Work instructions -
Two lines mark the range in the entries below: the one holding "Section Terminal." and the one holding "End Terminal.". Set down those two and all lines between them, exactly.

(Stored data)
━━━━━━━━━━━━━━━━━━━━━━━━━━━━━━

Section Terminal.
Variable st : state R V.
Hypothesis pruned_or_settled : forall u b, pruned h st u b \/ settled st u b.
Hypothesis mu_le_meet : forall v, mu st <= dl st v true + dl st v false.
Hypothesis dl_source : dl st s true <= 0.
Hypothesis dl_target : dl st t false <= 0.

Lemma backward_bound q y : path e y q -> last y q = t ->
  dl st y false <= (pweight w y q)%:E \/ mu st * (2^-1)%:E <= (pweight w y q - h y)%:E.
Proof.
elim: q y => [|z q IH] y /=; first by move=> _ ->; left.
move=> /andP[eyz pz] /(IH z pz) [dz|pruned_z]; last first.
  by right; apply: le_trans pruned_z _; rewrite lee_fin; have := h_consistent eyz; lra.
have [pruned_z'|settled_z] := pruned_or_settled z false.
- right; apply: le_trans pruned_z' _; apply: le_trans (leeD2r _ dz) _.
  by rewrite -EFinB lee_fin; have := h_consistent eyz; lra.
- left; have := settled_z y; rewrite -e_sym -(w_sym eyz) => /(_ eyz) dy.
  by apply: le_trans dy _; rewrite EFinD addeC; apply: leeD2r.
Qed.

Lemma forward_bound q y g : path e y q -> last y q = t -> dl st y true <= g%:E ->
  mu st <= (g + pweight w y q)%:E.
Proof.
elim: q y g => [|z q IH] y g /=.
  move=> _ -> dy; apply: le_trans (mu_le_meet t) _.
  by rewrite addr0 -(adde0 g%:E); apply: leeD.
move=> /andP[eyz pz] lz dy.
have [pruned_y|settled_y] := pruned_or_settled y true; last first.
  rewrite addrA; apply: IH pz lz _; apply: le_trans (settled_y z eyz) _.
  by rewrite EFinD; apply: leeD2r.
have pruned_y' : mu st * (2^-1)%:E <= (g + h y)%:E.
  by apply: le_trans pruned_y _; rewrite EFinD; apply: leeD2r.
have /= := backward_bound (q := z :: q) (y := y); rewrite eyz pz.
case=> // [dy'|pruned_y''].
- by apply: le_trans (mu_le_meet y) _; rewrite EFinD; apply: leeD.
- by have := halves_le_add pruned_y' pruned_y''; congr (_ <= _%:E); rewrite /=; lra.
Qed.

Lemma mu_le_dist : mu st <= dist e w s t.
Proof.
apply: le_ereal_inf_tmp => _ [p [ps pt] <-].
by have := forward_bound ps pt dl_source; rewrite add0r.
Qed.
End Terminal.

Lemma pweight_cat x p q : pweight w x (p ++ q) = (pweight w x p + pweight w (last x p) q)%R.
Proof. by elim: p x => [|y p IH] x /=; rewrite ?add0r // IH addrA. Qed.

━━━━━━━━━━━━━━━━━━━━━━━━━━━━━━

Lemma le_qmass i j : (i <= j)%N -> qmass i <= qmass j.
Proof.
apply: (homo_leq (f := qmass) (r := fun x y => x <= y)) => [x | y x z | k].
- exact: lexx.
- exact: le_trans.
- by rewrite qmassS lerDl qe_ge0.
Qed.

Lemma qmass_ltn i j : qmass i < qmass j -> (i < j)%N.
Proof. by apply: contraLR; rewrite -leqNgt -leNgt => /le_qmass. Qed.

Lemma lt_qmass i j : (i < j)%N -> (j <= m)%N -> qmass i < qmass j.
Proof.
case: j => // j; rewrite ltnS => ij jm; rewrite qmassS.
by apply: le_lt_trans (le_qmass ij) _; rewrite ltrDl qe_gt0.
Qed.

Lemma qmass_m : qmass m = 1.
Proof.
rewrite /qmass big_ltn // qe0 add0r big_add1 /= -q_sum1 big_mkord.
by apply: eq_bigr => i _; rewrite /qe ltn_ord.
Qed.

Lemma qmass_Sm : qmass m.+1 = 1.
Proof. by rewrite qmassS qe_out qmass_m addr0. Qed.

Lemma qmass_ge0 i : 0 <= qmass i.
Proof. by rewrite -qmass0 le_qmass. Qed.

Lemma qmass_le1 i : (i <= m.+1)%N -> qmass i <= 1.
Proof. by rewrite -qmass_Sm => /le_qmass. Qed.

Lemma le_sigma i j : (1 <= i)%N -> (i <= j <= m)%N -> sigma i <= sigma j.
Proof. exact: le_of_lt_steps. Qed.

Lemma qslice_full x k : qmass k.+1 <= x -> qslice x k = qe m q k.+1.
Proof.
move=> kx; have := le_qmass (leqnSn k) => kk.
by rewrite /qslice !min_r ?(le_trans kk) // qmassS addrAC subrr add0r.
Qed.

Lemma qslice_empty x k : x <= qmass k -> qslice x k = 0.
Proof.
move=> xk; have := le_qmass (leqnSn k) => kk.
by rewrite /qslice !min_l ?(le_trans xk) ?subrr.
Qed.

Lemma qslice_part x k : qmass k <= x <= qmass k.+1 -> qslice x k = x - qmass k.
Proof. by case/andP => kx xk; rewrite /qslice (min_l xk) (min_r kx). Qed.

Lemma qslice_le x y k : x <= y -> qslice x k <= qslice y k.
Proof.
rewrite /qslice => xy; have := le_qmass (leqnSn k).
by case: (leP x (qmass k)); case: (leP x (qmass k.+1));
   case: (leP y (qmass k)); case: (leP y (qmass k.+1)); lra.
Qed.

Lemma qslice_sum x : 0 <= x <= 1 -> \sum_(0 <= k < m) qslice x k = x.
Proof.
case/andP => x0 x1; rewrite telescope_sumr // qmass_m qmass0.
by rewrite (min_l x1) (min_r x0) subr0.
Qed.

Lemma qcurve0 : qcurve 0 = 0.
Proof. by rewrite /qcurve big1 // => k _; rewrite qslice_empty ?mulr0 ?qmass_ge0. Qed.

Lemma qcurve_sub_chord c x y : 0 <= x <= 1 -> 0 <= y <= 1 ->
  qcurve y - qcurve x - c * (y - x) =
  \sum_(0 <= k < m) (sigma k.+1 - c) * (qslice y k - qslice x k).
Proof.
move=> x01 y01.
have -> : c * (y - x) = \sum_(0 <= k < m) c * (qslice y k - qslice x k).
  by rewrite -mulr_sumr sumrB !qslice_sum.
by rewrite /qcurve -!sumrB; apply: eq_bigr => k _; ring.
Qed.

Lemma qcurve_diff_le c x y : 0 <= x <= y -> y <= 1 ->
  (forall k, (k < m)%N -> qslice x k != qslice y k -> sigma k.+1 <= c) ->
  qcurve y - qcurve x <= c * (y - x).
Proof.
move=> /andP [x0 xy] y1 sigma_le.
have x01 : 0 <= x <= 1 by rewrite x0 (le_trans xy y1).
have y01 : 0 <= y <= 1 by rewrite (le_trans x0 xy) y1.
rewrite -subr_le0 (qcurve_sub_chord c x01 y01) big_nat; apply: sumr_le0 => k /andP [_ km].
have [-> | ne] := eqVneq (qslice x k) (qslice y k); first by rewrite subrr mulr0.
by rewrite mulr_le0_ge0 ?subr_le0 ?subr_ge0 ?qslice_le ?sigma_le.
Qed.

━━━━━━━━━━━━━━━━━━━━━━━━━━━━━━

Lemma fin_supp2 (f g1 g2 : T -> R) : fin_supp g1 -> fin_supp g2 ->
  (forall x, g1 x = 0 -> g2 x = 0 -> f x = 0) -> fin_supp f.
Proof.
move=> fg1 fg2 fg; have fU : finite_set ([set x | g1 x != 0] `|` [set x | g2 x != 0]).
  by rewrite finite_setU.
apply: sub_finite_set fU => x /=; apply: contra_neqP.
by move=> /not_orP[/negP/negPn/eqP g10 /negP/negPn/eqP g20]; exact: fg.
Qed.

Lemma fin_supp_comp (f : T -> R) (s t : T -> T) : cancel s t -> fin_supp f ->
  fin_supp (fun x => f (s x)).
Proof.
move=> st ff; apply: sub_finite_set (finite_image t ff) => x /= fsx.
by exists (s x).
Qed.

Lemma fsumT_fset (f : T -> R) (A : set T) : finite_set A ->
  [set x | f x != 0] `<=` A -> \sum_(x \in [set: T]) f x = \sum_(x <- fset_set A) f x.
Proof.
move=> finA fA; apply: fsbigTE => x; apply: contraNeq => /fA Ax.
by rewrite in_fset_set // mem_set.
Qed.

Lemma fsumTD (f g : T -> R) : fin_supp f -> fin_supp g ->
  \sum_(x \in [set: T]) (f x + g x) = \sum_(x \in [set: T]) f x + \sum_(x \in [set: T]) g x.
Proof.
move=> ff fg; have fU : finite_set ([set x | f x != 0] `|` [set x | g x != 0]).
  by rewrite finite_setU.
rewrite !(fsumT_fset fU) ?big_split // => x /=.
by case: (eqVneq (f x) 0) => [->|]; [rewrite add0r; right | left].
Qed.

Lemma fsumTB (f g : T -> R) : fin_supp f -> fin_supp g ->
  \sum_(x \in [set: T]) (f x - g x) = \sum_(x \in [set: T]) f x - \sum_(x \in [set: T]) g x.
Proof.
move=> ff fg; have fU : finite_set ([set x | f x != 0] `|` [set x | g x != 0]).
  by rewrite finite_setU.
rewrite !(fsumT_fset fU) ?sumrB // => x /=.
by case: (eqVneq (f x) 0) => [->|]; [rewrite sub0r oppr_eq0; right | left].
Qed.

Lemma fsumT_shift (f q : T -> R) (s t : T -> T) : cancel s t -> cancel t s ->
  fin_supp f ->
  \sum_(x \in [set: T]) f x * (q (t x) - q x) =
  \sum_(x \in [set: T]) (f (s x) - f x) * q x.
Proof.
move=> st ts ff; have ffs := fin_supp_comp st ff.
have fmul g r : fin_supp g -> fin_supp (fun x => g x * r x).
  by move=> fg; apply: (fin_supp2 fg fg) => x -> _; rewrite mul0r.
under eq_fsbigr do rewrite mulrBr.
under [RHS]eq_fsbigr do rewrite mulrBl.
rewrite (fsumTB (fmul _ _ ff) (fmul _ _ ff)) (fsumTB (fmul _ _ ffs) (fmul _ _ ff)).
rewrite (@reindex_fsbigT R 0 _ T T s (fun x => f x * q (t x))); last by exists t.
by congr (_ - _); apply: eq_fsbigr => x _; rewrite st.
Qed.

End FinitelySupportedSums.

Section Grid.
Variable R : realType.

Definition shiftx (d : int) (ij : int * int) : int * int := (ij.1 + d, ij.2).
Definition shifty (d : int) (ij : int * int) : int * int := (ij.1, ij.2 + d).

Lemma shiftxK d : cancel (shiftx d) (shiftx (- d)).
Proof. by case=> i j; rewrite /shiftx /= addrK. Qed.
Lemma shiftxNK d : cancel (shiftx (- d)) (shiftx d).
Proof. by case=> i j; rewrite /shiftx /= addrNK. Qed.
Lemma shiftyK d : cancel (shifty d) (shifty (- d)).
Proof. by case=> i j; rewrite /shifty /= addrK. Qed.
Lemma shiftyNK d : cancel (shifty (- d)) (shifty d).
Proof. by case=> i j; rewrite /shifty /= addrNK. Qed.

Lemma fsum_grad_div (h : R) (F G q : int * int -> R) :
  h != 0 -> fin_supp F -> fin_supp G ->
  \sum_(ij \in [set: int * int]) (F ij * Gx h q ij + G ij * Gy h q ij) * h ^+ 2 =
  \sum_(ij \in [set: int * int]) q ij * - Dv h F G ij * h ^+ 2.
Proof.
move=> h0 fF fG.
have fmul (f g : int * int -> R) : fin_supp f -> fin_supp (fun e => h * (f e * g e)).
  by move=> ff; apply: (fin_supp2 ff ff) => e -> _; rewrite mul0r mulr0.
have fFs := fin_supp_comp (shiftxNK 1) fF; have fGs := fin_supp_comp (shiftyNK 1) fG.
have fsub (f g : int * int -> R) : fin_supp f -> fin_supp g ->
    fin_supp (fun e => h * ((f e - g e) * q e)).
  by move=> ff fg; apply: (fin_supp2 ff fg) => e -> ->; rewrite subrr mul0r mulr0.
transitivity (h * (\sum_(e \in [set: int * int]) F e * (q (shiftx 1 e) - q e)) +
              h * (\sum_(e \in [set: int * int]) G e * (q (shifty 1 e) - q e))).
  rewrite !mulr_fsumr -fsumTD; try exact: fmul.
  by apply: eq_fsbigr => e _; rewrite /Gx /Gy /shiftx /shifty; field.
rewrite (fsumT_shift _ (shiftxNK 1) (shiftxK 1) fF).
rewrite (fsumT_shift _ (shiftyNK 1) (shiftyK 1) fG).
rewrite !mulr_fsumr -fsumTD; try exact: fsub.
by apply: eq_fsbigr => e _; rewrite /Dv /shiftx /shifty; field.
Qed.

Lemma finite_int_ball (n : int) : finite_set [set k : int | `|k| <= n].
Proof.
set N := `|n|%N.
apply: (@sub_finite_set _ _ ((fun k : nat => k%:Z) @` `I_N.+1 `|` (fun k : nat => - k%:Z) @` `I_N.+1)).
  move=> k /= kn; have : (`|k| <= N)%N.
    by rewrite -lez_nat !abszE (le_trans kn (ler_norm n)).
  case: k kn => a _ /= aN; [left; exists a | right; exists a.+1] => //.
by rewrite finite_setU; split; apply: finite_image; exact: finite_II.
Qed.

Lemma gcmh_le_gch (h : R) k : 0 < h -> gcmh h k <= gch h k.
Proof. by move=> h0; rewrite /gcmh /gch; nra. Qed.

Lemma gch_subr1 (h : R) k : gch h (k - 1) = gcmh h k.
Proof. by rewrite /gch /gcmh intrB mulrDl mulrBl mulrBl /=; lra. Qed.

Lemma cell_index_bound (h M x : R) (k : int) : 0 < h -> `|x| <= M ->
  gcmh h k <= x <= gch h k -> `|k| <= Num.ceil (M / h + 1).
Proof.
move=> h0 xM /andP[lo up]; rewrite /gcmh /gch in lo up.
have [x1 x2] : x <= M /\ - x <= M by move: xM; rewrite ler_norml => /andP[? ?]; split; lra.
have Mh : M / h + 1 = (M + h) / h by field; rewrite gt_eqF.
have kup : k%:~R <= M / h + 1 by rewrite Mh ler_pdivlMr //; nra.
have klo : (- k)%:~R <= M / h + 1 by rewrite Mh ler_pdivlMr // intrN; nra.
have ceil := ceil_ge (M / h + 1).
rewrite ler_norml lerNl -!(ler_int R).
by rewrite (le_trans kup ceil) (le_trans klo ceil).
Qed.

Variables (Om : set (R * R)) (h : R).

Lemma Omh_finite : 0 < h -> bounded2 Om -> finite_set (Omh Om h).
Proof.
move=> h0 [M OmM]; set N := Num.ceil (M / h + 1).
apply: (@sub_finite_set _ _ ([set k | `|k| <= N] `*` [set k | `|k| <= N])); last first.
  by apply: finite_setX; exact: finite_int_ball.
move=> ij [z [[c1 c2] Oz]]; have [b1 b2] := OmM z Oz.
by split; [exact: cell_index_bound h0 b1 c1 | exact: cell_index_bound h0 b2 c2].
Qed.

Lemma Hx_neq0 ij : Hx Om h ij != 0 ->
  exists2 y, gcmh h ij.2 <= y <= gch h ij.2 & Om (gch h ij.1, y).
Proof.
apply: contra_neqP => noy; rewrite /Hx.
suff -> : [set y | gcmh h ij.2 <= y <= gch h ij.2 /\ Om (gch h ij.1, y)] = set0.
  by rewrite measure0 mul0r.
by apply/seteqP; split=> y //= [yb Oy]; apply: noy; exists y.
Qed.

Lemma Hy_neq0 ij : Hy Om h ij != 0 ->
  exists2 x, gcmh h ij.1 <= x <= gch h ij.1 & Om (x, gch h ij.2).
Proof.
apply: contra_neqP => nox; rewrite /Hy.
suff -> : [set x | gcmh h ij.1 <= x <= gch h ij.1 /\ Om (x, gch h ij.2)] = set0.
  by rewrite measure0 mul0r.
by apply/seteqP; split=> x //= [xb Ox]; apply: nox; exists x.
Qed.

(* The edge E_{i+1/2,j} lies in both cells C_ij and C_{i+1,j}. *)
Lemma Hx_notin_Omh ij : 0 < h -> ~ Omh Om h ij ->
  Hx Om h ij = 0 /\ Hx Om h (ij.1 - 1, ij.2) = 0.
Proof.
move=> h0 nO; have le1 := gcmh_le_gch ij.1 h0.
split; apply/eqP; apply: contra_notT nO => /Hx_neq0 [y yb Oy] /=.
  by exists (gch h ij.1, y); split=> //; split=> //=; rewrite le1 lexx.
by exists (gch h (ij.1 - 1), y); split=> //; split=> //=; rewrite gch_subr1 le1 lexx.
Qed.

━━━━━━━━━━━━━━━━━━━━━━━━━━━━━━

Response area -
Section Terminal.
Variable st : state R V.
Hypothesis pruned_or_settled : forall u b, pruned h st u b \/ settled st u b.
Hypothesis mu_le_meet : forall v, mu st <= dl st v true + dl st v false.
Hypothesis dl_source : dl st s true <= 0.
Hypothesis dl_target : dl st t false <= 0.

Lemma backward_bound q y : path e y q -> last y q = t ->
  dl st y false <= (pweight w y q)%:E \/ mu st * (2^-1)%:E <= (pweight w y q - h y)%:E.
Proof.
elim: q y => [|z q IH] y /=; first by move=> _ ->; left.
move=> /andP[eyz pz] /(IH z pz) [dz|pruned_z]; last first.
  by right; apply: le_trans pruned_z _; rewrite lee_fin; have := h_consistent eyz; lra.
have [pruned_z'|settled_z] := pruned_or_settled z false.
- right; apply: le_trans pruned_z' _; apply: le_trans (leeD2r _ dz) _.
  by rewrite -EFinB lee_fin; have := h_consistent eyz; lra.
- left; have := settled_z y; rewrite -e_sym -(w_sym eyz) => /(_ eyz) dy.
  by apply: le_trans dy _; rewrite EFinD addeC; apply: leeD2r.
Qed.

Lemma forward_bound q y g : path e y q -> last y q = t -> dl st y true <= g%:E ->
  mu st <= (g + pweight w y q)%:E.
Proof.
elim: q y g => [|z q IH] y g /=.
  move=> _ -> dy; apply: le_trans (mu_le_meet t) _.
  by rewrite addr0 -(adde0 g%:E); apply: leeD.
move=> /andP[eyz pz] lz dy.
have [pruned_y|settled_y] := pruned_or_settled y true; last first.
  rewrite addrA; apply: IH pz lz _; apply: le_trans (settled_y z eyz) _.
  by rewrite EFinD; apply: leeD2r.
have pruned_y' : mu st * (2^-1)%:E <= (g + h y)%:E.
  by apply: le_trans pruned_y _; rewrite EFinD; apply: leeD2r.
have /= := backward_bound (q := z :: q) (y := y); rewrite eyz pz.
case=> // [dy'|pruned_y''].
- by apply: le_trans (mu_le_meet y) _; rewrite EFinD; apply: leeD.
- by have := halves_le_add pruned_y' pruned_y''; congr (_ <= _%:E); rewrite /=; lra.
Qed.

Lemma mu_le_dist : mu st <= dist e w s t.
Proof.
apply: le_ereal_inf_tmp => _ [p [ps pt] <-].
by have := forward_bound ps pt dl_source; rewrite add0r.
Qed.
End Terminal.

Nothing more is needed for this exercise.